[Start of section]
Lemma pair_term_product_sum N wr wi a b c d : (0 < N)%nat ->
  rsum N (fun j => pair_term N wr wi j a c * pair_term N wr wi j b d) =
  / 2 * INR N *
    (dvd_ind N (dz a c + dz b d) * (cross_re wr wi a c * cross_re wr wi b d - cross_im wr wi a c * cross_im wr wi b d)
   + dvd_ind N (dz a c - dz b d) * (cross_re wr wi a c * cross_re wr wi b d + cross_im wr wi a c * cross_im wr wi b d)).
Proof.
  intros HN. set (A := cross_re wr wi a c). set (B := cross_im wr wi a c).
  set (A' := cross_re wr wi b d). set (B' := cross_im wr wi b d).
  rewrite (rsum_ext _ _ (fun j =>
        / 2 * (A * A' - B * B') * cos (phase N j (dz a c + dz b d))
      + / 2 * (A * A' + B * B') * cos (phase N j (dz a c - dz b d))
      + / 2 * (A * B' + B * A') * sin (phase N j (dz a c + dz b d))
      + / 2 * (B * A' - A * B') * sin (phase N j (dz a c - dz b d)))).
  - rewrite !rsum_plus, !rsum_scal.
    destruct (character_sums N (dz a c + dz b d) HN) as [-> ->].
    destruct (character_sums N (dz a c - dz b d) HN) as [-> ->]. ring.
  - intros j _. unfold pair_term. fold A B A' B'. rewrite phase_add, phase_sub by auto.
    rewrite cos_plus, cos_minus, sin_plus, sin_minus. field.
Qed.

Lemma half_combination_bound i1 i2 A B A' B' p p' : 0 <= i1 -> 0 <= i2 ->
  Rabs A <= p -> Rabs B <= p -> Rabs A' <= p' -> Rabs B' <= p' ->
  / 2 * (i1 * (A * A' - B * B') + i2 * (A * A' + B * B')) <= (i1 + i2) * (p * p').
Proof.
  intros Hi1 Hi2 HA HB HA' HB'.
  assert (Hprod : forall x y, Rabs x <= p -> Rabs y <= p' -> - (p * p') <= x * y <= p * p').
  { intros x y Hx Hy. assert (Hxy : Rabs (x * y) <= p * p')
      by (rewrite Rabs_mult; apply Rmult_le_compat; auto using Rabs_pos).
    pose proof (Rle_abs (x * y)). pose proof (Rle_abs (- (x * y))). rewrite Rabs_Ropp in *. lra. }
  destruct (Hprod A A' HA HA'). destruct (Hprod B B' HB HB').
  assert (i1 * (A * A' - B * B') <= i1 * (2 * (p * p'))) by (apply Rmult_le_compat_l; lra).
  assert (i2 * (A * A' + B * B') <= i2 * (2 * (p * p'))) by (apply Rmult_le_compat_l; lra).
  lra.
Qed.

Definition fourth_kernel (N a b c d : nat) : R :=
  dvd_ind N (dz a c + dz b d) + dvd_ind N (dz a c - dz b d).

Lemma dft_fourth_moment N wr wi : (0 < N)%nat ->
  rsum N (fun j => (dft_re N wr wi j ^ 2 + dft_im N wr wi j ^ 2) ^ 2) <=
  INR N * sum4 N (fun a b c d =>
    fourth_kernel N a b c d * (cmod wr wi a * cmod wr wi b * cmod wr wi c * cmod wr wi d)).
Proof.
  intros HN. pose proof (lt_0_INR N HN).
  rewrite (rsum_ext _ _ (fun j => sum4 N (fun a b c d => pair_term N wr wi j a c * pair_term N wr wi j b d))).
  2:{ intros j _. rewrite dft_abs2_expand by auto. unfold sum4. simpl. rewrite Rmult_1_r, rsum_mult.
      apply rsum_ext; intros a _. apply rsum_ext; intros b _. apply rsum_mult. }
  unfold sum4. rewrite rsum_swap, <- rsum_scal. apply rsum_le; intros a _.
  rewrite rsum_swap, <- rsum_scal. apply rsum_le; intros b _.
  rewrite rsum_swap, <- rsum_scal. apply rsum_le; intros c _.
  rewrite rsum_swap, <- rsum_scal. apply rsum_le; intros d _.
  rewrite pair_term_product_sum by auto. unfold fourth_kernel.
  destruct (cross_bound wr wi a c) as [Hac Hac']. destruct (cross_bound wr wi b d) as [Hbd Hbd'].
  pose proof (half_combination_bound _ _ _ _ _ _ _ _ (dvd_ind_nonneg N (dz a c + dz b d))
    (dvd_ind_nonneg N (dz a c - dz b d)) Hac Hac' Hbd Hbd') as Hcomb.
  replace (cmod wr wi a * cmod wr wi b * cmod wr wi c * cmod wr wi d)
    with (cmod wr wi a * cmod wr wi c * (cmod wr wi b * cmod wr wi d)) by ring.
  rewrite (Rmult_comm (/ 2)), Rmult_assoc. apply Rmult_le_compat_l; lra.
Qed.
[End of section]
• _Assigned task_
Each line of the data above that contains the string "destruct" should be counted; give only the total.

• _Output of the task_
4